Relevance to alignment theory

Patch resistance, and its sister issue of lack of correlated coverage, is a central reason why aligning advanced agents could be way harder, way more dangerous, and way more likely to actually kill everyone in practice, compared to optimistic scenarios. It's a primary reason to worry, "Uh, what if aligning AI is actually way harder than it might look to some people, the way that building AGI in the first place turned out not to be something you could do in two months over the summer?"

It's also a reason to worry about context disasters revolving around capability gains: Anything you had to patch-until-it-worked at AI capability level $k$ is probably going to break hard at capability $l \gg k.$ This is doubly catastrophic in practice if the pressures to "just get the thing running today" are immense.

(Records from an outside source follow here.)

Lemma Bad_notin_piPi (R : realType) (d : nat) (x : 'I_d -> R) :
  (0 < d)%N -> Bad x -> ~ piPi x.
Proof.
move=> d_gt0 bad [[x' y] Pi_xy /= x'x]; subst x'.
pose D n := distZd (fun i => n%:R * x i + y i).
have [c c_gt0 sepD] := Bad_separated y bad.
have [n0 D_gt0] := separated_eventually_gt0 c_gt0 d_gt0 (fun n => distZd_ge0 _) sepD.
pose u m := D (maxn n0 m); pose psi := running_min u.
have u_gt0 m : 0 < u m by apply/D_gt0/leq_maxl.
have drop_sep := separated_maxn_drop (n0 := n0) (fun n => distZd_ge0 _) sepD.
have psi_ge0 n : 0 <= psi n by exact/ltW/running_min_gt0.
have psi_in_D : Dset d psi.
  split; [by move=> n _ | split; first by move=> m n _; apply: running_min_nonincr].
  move=> M.
  have [N MN] := running_min_pow_sum_unbounded c_gt0 u_gt0 drop_sep (M + psi 0 ^+ d).
  have SN : \sum_(0 <= j < N) psi j ^+ d <= \sum_(0 <= j < N.+1) psi j ^+ d.
    by rewrite big_nat_recr //= lerDl exprn_ge0.
  by exists N.+1; move: SN; rewrite [X in _ <= X]big_ltn //; lra.
have [n [n0n]] := Pi_xy psi psi_in_D n0.
rewrite ltNge => /negP; apply; apply: le_trans (running_min_le _ _) _.
by rewrite /u (maxn_idPr (ltnW n0n)).
Qed.

(* The partial sums are squeezed between the nondecreasing S k - 2 e k and the
   nonincreasing S k + 2 e k; the supremum of the former is the sum. *)
Lemma halving_dominated_sum (R : realType) (t e : nat -> R) :
  (forall j, `|t j| <= e j) -> (forall j, e j.+1 <= e j / 2) ->
  exists s, forall k, `|s - \sum_(j < k) t j| <= 2 * e k.
Proof.
move=> te eS; pose lo k := \sum_(j < k) t j - 2 * e k.
pose hi k := \sum_(j < k) t j + 2 * e k.
have step k : lo k <= lo k.+1 /\ hi k.+1 <= hi k.
  rewrite /lo /hi big_ord_recr /=; have := te k; have := eS k.
  by rewrite ler_norml => ? /andP[? ?]; split; lra.
have lo_up : {homo lo : m n / (m <= n)%N >-> m <= n}.
  apply: homo_leq => [//|y x z|k]; [exact: le_trans | by case: (step k)].
have hi_down : {homo hi : m n / (m <= n)%N >-> n <= m}.
  apply: homo_leq => [//|y x z xy yz|k]; [exact: le_trans yz xy | by case: (step k)].
have lo_hi m n : lo m <= hi n.
  apply: le_trans (lo_up _ _ (leq_maxl m n)) (le_trans _ (hi_down _ _ (leq_maxr m n))).
  by rewrite lerD2l; have := le_trans (normr_ge0 _) (te (maxn m n)); lra.
exists (sup (range lo)) => k.
have lo_ne0 : range lo !=set0 by exists (lo 0%N), 0%N.
have lo_ub : ubound (range lo) (hi k) by move=> _ [m _ <-]; apply: lo_hi.
have lo_le : lo k <= sup (range lo).
  by apply: sup_upper_bound; [split; last exists (hi k) | exists k].
have le_hi : sup (range lo) <= hi k by apply: ge_sup.
by move: lo_le le_hi; rewrite /lo /hi ler_norml => ? ?; apply/andP; split; lra.
Qed.

Lemma pow_sum_bounded (R : realType) (d : nat) (psi : nat -> R) (ns : nat -> nat)
    (b : nat -> R) (K : nat) :
  (forall n, (0 < n)%N -> 0 <= psi n) ->
  (forall m n, (0 < m)%N -> (m <= n)%N -> psi n <= psi m) ->
  (forall k, (ns k < ns k.+1)%N) -> (0 < ns 0)%N ->
  (forall k, (K < ns k)%N -> psi (ns k) <= b k) ->
  (forall k, (ns k.+1)%:R * b k ^+ d <= 2 ^- k) ->
  exists M, forall N, \sum_(1 <= j < N) psi j ^+ d <= M.
Proof.
move=> psi_ge0 psi_noninc ns_up ns0_gt0 psi_b ns_b.
pose T N := \sum_(1 <= j < N) psi j ^+ d.
have T_up : {homo T : m n / (m <= n)%N >-> m <= n}.
  apply: homo_leq => [//|y x z|[|N]]; first exact: le_trans.
    by rewrite /T !big_geq.
  by rewrite /T [X in _ <= X]big_nat_recr //= lerDl exprn_ge0 // psi_ge0.
have ns_gt k : (k < ns k)%N by elim: k => // k IH; apply: leq_ltn_trans IH (ns_up k).
have block k : (K <= k)%N -> T (ns k.+1) <= T (ns k) + 2 ^- k.
  move=> Kk; have ns_gt0 : (0 < ns k)%N by apply: leq_ltn_trans (ns_gt k).
  have psi_nsk : psi (ns k) <= b k by apply/psi_b/(leq_ltn_trans Kk).
  have b_ge0 : 0 <= b k by apply: le_trans psi_nsk; apply: psi_ge0.
  rewrite /T (@big_cat_nat _ _ _ (ns k) 1 (ns k.+1)) ?(ltnW (ns_up k)) //= lerD2l.
  have psi_block : \sum_(ns k <= j < ns k.+1) psi j ^+ d <= \sum_(ns k <= j < ns k.+1) b k ^+ d.
    apply: ler_sum_nat => j /andP[kj _]; apply: lerXn2r; rewrite ?nnegrE ?psi_ge0 //.
      exact: leq_trans kj.
    by apply: le_trans psi_nsk; apply: psi_noninc.
  apply: le_trans psi_block (le_trans _ (ns_b k)).
  by rewrite sumr_const_nat mulr_natl; apply/ler_wpMn2l/leq_subr/exprn_ge0.
have telescope l : T (ns (K + l)%N) + 2 * 2 ^- (K + l)%N <= T (ns K) + 2 * 2 ^- K.
  elim: l => [|l IH]; first by rewrite addn0.
  rewrite addnS; apply: le_trans IH; have := block _ (leq_addr l K).
  have : 2 * 2 ^- (K + l)%N.+1 = 2 ^- (K + l)%N :> R.
    by rewrite exprS invfM mulrA divff ?mul1r ?pnatr_eq0.
  lra.
exists (T (ns K) + 2 * 2 ^- K) => N.
apply: le_trans (T_up _ _ (ltnW (leq_ltn_trans (leq_addl K N) (ns_gt _)))) _.
have := telescope N; have : 0 <= 2 * 2 ^- (K + N)%N :> R by rewrite mulr_ge0 ?invr_ge0 ?exprn_ge0.
lra.
Qed.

To the extent that we can see the central project of AI alignment as revolving around finding a set of alignment ideas that do have simple central tendencies and are specifiable or learnable which together add up to a safe but powerful AI - that is, finding domains with correlated coverage that add up to a safe AI that can do something pivotal - we could see the central project of AI alignment as finding a collectively good-enough set of safety-things we can do without endless patching.

Comments

Paul Christiano

This is a more general pattern in theoretical research. When you first start to attack a hard problem you often notice many promising lines of attack. Somehow in every line of attack, there will be at least (and often exactly) one thing that doesn't quite work out. Terence Tao has described this as feeling like "enemy movements" or something like this (though I can't find the quote). It is generally not possible to cross such gaps until you actually understand them. Once you do, instead of looking for a path from premises to conclusions you look for any gap in the chasm that seperates them. Once you've found the gap, it's often easy to go from premises to the gap and then from the gap to your conclusions.